When I came out publicly as trans in our local paper, the writer started off the article with a story I told him about the first time I used the men’s restroom in public. That part on its own drew criticism from close-minded people. Here is the excerpt from the article:
LANSING — Lansing Community College’s new women’s basketball coach felt intimidated a few months ago in a sports bar.
It had nothing to do with Xs and Os.
It had to do with a men’s bathroom, and the first time he had ever been in one.
“It was so great!” Layne Ingram exclaimed to his wife after he relieved himself. “Nobody was talking about their hair, or what this dude did to them. I just went in there, peed and came out!”
Read the full story here.
It’s a big deal the first time you use the men’s bathroom – and the second, and third… and so on until it isn’t. A lot of it has to do with the timing and how you’re presenting at the time you try it. For me, I had been taking testosterone for about 3-4 months and I could see physical changes and feel mental and emotional changes/differences that made it harder every time I had to go into a women’s bathroom. The first time I just did it – I walked away from our table intending to use the bathroom like usual and said to myself, you know what, I’m going in there – I’m doing it.
And so I did.
The first time my heart was beating so fast I barely noticed the awful, horrific smell. I went in, did my business (like most normal people do) and came out. I felt strong, I felt alive, I felt RIGHT!
I don’t like public bathrooms in general and even before I transitioned I tried to get in and out as quickly as possible – this was different. I went in and I wasn’t noticed – I was just in there.
I will be honest though, men’s bathrooms are terrible. They stink and they’re gross. It’s like people save up all the gross, nasty and terrible things they want to do and wait til they get out in public.
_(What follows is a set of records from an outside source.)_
Lemma mean_concat_estimate p1 p2 q1 Q e eta lam r :
  (0 < p1)%nat -> 0 <= e -> 0 <= lam <= 1 ->
  INR p1 <= INR q1 <= (1 + e) * INR p1 -> INR p2 <= INR Q - INR q1 <= (1 + e) * INR p2 ->
  (forall j, (j < p1)%nat -> Rabs (h j - g1 j) <= eta) ->
  (forall j, (j < p2)%nat -> Rabs (h (q1 + j)%nat - g2 j) <= eta) ->
  Rabs (INR p1 / (INR p1 + INR p2) - lam) <= r ->
  Rabs (mean Q h - (lam * mean k1 g1 + (1 - lam) * mean k2 g2))
    <= eta + 2 * B * e + 2 * B * r + 2 * B * (INR k1 + INR k2) / (INR p1 + INR p2).
Proof.
  intros Hp1 He Hlam Hq1 HQ Htrack1 Htrack2 Hratio.
  assert (Hpq : (p1 <= q1)%nat) by (apply INR_le; lra).
  assert (HqQ : (q1 + p2 <= Q)%nat) by (apply INR_le; rewrite plus_INR; lra).
  pose proof (sumR_concat_deviation p1 p2 q1 Q e eta Hpq HqQ ltac:(lra) ltac:(lra) Htrack1 Htrack2)
    as Hsum.
  set (A1 := mean k1 g1) in *. set (A2 := mean k2 g2) in *.
  set (P := INR p1 + INR p2) in *. set (L := lam * A1 + (1 - lam) * A2).
  assert (HP : 0 < P) by (pose proof (lt_0_INR p1 Hp1); pose proof (pos_INR p2); unfold P; lra).
  assert (HQP : P <= INR Q <= (1 + e) * P) by (unfold P; lra).
  assert (HA1 : Rabs A1 <= B) by (apply mean_bound; auto).
  assert (HA2 : Rabs A2 <= B) by (apply mean_bound; auto).
  assert (HL : Rabs L <= B).
  { unfold L. apply Rabs_le_iff in HA1, HA2. apply Rabs_le_iff. nra. }
  assert (Hmix : Rabs (INR p1 * A1 + INR p2 * A2 - P * L) <= P * (2 * B * r)).
  { replace (INR p1 * A1 + INR p2 * A2 - P * L) with (P * ((INR p1 / P - lam) * (A1 - A2)))
      by (unfold L, P; field; fold P; lra).
    rewrite Rabs_mult, (Rabs_right P) by lra. apply Rmult_le_compat_l; [lra|].
    rewrite Rabs_mult. replace (2 * B * r) with (r * (2 * B)) by ring.
    apply Rmult_le_compat; try apply Rabs_pos; [exact Hratio|].
    apply Rabs_le_iff in HA1, HA2. apply Rabs_le_iff. lra. }
  assert (Hlen : Rabs ((P - INR Q) * L) <= e * P * B).
  { rewrite Rabs_mult. apply Rmult_le_compat; try apply Rabs_pos; [|exact HL].
    apply Rabs_le_iff. lra. }
  assert (Htotal : Rabs (sumR Q h - INR Q * L)
            <= P * (eta + 2 * B * e + 2 * B * r) + 2 * B * (INR k1 + INR k2)).
  { apply Rabs_le_iff in Hsum, Hmix, Hlen. apply Rabs_le_iff. nra. }
  replace (mean Q h - L) with ((sumR Q h - INR Q * L) / INR Q) by (unfold mean; field; lra).
  unfold Rdiv. rewrite Rabs_mult, Rabs_inv, (Rabs_right (INR Q)) by lra.
  apply Rle_trans with ((P * (eta + 2 * B * e + 2 * B * r) + 2 * B * (INR k1 + INR k2)) * / P).
  - apply Rmult_le_compat; try lra; [apply Rabs_pos| left; apply Rinv_0_lt_compat; lra|].
    apply Rinv_le_contravar; lra.
  - apply Req_le. field. lra.
Qed.

End Concatenation.

Section Periods.
Context {X : Type} (T : X -> X).

Lemma iter_period_add k x j : Nat.iter k T x = x -> Nat.iter (k + j) T x = Nat.iter j T x.
Proof. intros H. rewrite Nat.add_comm, Nat.iter_add, H. reflexivity. Qed.

Lemma iter_period_mul k x a : Nat.iter k T x = x -> Nat.iter (a * k) T x = x.
Proof.
  intros H. induction a as [|a IH]; [reflexivity|].
  simpl Nat.mul. rewrite Nat.iter_add, IH. exact H.
Qed.

Lemma iter_period_mod k x j : (0 < k)%nat -> Nat.iter k T x = x ->
  Nat.iter j T x = Nat.iter (j mod k) T x.
Proof.
  intros Hk H.
  transitivity (Nat.iter (j mod k + j / k * k) T x);
    [f_equal; pose proof (Nat.div_mod_eq j k); lia|].
  rewrite Nat.iter_add, iter_period_mul by exact H. reflexivity.
Qed.

Lemma minimal_period_exists x : periodic T x -> exists k, minimal_period T x k.
Proof.
  intros [n [Hn Hx]].
  induction n as [n IH] using (well_founded_induction Wf_nat.lt_wf).
  destruct (classic (exists j, (0 < j)%nat /\ (j < n)%nat /\ Nat.iter j T x = x))
    as [[j [Hj0 [Hjn Hj]]]|Hnone].
  - exact (IH j Hjn Hj0 Hj).
  - exists n. repeat split; auto. intros j Hj0 Hjn Hj. apply Hnone. eauto.
Qed.

Lemma minimal_period_divides x k Q : minimal_period T x k -> Nat.iter Q T x = x ->
  (Q mod k = 0)%nat.
Proof.
  intros [Hk [Hkx Hmin]] HQ.
  destruct (Nat.eq_dec (Q mod k) 0) as [|Hne]; [assumption|exfalso].
  apply (Hmin (Q mod k)); [lia|apply Nat.mod_upper_bound; lia|].
  rewrite <- iter_period_mod; assumption.
Qed.

Definition orbit_mean (f : X -> R) (x : X) (k : nat) : R := mean k (fun j => f (Nat.iter j T x)).

Lemma orbit_mean_period f x k Q : minimal_period T x k -> (0 < Q)%nat -> Nat.iter Q T x = x ->
  orbit_mean f x Q = orbit_mean f x k.
Proof.
  intros Hmin HQ HQx.
  pose proof (minimal_period_divides x k Q Hmin HQx) as Hdiv.
  destruct Hmin as [Hk [Hkx _]].
  assert (HQ' : Q = (Q / k * k)%nat) by (pose proof (Nat.div_mod_eq Q k); lia).
  assert (0 < INR (Q / k)) by (apply lt_0_INR; destruct (Q / k)%nat; lia).
  assert (0 < INR k) by (apply lt_0_INR; exact Hk).
  unfold orbit_mean, mean. rewrite HQ', sumR_periodic, mult_INR.
  - field. lra.
  - intros j. rewrite iter_period_add by exact Hkx. reflexivity.
Qed.

Definition orbit_points (x : X) (k : nat) : list X := map (fun j => Nat.iter j T x) (seq 0 k).

Lemma in_orbit_points x k j : (0 < k)%nat -> Nat.iter k T x = x ->
  In (Nat.iter j T x) (orbit_points x k).
Proof.
  intros Hk Hx. rewrite (iter_period_mod k x j Hk Hx).
  apply (in_map (fun i => Nat.iter i T x)), in_seq. pose proof (Nat.mod_upper_bound j k). lia.
Qed.

End Periods.

Lemma grid_indicator_sum_above n (t : nat -> R) v : (forall i, (i < n)%nat -> t i < t (S i)) ->
  t n < v -> sumR n (fun i => t (S i) * indic (t i < v <= t (S i))) = 0.
Proof.
  induction n as [|n IH]; intros Ht Hv; simpl; [reflexivity|].
  pose proof (Ht n (Nat.lt_succ_diag_r n)) as Hstep.
  rewrite IH; [|intros; apply Ht; lia|lra].
  unfold indic. destruct (excluded_middle_informative _); lra.
Qed.

Lemma grid_indicator_sum n (t : nat -> R) v d :
  (forall i, (i < n)%nat -> t i < t (S i) < t i + d) -> t O < v -> v <= t n ->
  v <= sumR n (fun i => t (S i) * indic (t i < v <= t (S i))) < v + d.
Proof.
  induction n as [|n IH]; intros Ht H0 Hn; simpl sumR; [simpl in Hn; lra|].
  pose proof (Ht n (Nat.lt_succ_diag_r n)) as Hstep.
  destruct (Rle_lt_dec v (t n)) as [Hle|Hlt].
  - assert (Hout : indic (t n < v <= t (S n)) = 0)
      by (unfold indic; destruct (excluded_middle_informative _); lra).
    rewrite Hout, Rmult_0_r, Rplus_0_r. apply IH; [intros; apply Ht; lia|lra|lra].
  - rewrite grid_indicator_sum_above; [|intros; apply Ht; lia|lra].
    assert (Hin : indic (t n < v <= t (S n)) = 1)
      by (unfold indic; destruct (excluded_middle_informative _); [reflexivity|lra]).
    rewrite Hin. lra.
Qed.

Section Integrals.
Context {X : Type}.

Lemma grid_exists (f : X -> R) B delta : (forall x, Rabs (f x) <= B) -> 0 < delta ->
  exists n t, (forall x, t O < f x) /\ (forall x, f x <= t n) /\
    (forall i, (i < n)%nat -> t i < t (S i) < t i + delta).
Proof.
  intros HB Hd.
  destruct (INR_archimed (delta / 2) (2 * B + 2)) as [n Hn]; [lra|].
  exists n, (fun i => - B - 1 + INR i * (delta / 2)).
  split; [|split]; [intros x; specialize (HB x); apply Rabs_le_iff in HB; simpl; lra
                   |intros x; specialize (HB x); apply Rabs_le_iff in HB; lra
                   |intros i _; rewrite S_INR; lra].
Qed.

Lemma integral_unique (m : (X -> Prop) -> R) f B I J : (forall x, Rabs (f x) <= B) ->
  integral_is m f I -> integral_is m f J -> I = J.
Proof.
  intros HB HI HJ. apply NNPP. intros Hne.
  set (eps := Rabs (I - J) / 2).
  assert (He : 0 < eps) by (unfold eps; pose proof (Rabs_pos_lt (I - J) ltac:(lra)); lra).
  destruct (HI eps He) as [d1 [Hd1 H1]], (HJ eps He) as [d2 [Hd2 H2]].
  destruct (grid_exists f B (Rmin d1 d2) HB (Rmin_pos _ _ Hd1 Hd2)) as [n [t [T0 [Tn Ti]]]].
  pose proof (Rmin_l d1 d2). pose proof (Rmin_r d1 d2).
  specialize (H1 n t T0 Tn ltac:(intros i Hi; specialize (Ti i Hi); lra)).
  specialize (H2 n t T0 Tn ltac:(intros i Hi; specialize (Ti i Hi); lra)).
  set (S := sumR n _) in H1, H2.
  assert (Htri : Rabs (I - J) <= Rabs (S - I) + Rabs (S - J)).
  { replace (I - J) with (- (S - I) + (S - J)) by ring.
    eapply Rle_trans; [apply Rabs_triang|]. rewrite Rabs_Ropp. lra. }
  unfold eps in *. lra.
Qed.

Lemma integral_ext (m m' : (X -> Prop) -> R) f I : (forall A, m A = m' A) ->
  integral_is m f I -> integral_is m' f I.
Proof.
  intros Hm HI eps He. destruct (HI eps He) as [d [Hd H]].
  exists d. split; [exact Hd|]. intros n t T0 Tn Ti.
  rewrite (sumR_ext n _ (fun i => t (S i) * m (fun x => t i < f x <= t (S i))))
    by (intros; rewrite Hm; reflexivity).
  apply H; assumption.
Qed.

Lemma integral_lincomb (m1 m2 : (X -> Prop) -> R) f a b s u : 0 <= s -> 0 <= u ->
  integral_is m1 f a -> integral_is m2 f b ->
  integral_is (fun A => s * m1 A + u * m2 A) f (s * a + u * b).
Proof.
  intros Hs Hu Ha Hb eps He.
  set (eps' := eps / (s + u + 1)).
  assert (He' : 0 < eps') by (apply Rdiv_lt_0_compat; lra).
  destruct (Ha eps' He') as [d1 [Hd1 H1]], (Hb eps' He') as [d2 [Hd2 H2]].
  exists (Rmin d1 d2). split; [apply Rmin_pos; assumption|]. intros n t T0 Tn Ti.
  pose proof (Rmin_l d1 d2). pose proof (Rmin_r d1 d2).
  specialize (H1 n t T0 Tn ltac:(intros i Hi; specialize (Ti i Hi); lra)).
  specialize (H2 n t T0 Tn ltac:(intros i Hi; specialize (Ti i Hi); lra)).
  rewrite (sumR_ext n _ (fun i => s * (t (S i) * m1 (fun x => t i < f x <= t (S i)))
                             + u * (t (S i) * m2 (fun x => t i < f x <= t (S i)))))
    by (intros; ring).
  rewrite sumR_plus, !sumR_scal.
  set (S1 := sumR n _) in H1 |- *. set (S2 := sumR n _) in H2 |- *.
  replace (s * S1 + u * S2 - (s * a + u * b)) with (s * (S1 - a) + u * (S2 - b)) by ring.
  eapply Rle_lt_trans; [apply Rabs_triang|].
  rewrite !Rabs_mult, (Rabs_right s), (Rabs_right u) by lra.
  apply Rle_lt_trans with ((s + u) * eps').
  - pose proof (Rmult_le_compat_l s _ _ Hs (Rlt_le _ _ H1)).
    pose proof (Rmult_le_compat_l u _ _ Hu (Rlt_le _ _ H2)). lra.
  - unfold eps'. apply (Rmult_lt_reg_r (s + u + 1)); [lra|].
    field_simplify; lra.
Qed.

Lemma integral_orbit_measure (T : X -> X) f x k : (0 < k)%nat ->
  integral_is (orbit_measure T x k) f (orbit_mean T f x k).
Proof.
  intros Hk eps He. unfold orbit_mean. exists (eps / 2). split; [lra|]. intros n t T0 Tn Ti.
  set (riemann := fun v => sumR n (fun i => t (S i) * indic (t i < v <= t (S i)))).
  assert (Hswap : sumR n (fun i => t (S i) * orbit_measure T x k (fun y => t i < f y <= t (S i)))
                  = mean k (fun j => riemann (f (Nat.iter j T x)))).
  { unfold orbit_measure, mean, riemann.
    rewrite (sumR_ext n _ (fun i => sumR k (fun j => / INR k *
               (t (S i) * indic (t i < f (Nat.iter j T x) <= t (S i))))))
      by (intros; rewrite !sumR_scal; ring).
    rewrite sumR_swap, <- sumR_scal. apply sumR_ext. intros j _. apply sumR_scal. }
  rewrite Hswap, mean_minus.
  apply Rle_lt_trans with (eps / 2); [|lra].
  apply mean_bound; [exact Hk|]. intros j _.
  pose proof (grid_indicator_sum n t (f (Nat.iter j T x)) (eps / 2) Ti (T0 _) (Tn _)).
  apply Rabs_le_iff. unfold riemann. lra.
Qed.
There was also a time when I had real anxiety and fear about going into the public bathrooms.
First of all, what if someone saw my feet under the stall facing the opposite way? (For a very long time I searched for ways to rectify this. I even bought something but even that is scary – and not spill proof). You think of creative sounds and things to do or ways to position yourself so it isn’t so noticeable. Well I do anyway.
I was also just binding at the time when I started going in, what if it was obvious – there was about a span of a month where I just didn’t go to the bathroom if I was out, (that started before I first went to the men’s room). In the women’s bathroom, the double takes were getting worse, and so was listening to their conversations and in the men’s room, it was a safety risk.
When I said it was great, it’s because of the feeling of freedom and ME-ness I had. Of course it stank and only had one stall – but I had done it. Now, a year and a half later, nobody knows any different, or pays attention. And my anxiety level is way lower because now I just look like me. I remember the first time I saw someone I knew in the men’s bathroom, I hated it – it was one of those awkward moments when you try to not make it awkward but it still is. It was ok – I survived.
I would say this, if you are considering going into the men’s bathroom, be confident, be sure and have a plan with your friends or others. If you don’t come back in 5 minutes, have someone check on you – especially if it’s early in your transition. You just can’t trust the world we live in right now. It’s sad but it’s true.
The feeling you get and the confidence you will gain from doing even just this small thing, is worth it.
This is something I haven’t been able to do yet. I want to ask a guy friend to be my “wing” man for it. I just don’t want there to be any problems and it would be better to be in there with someone who also believed it was the right place for me. One of these days I’ll actually do it. Just not today.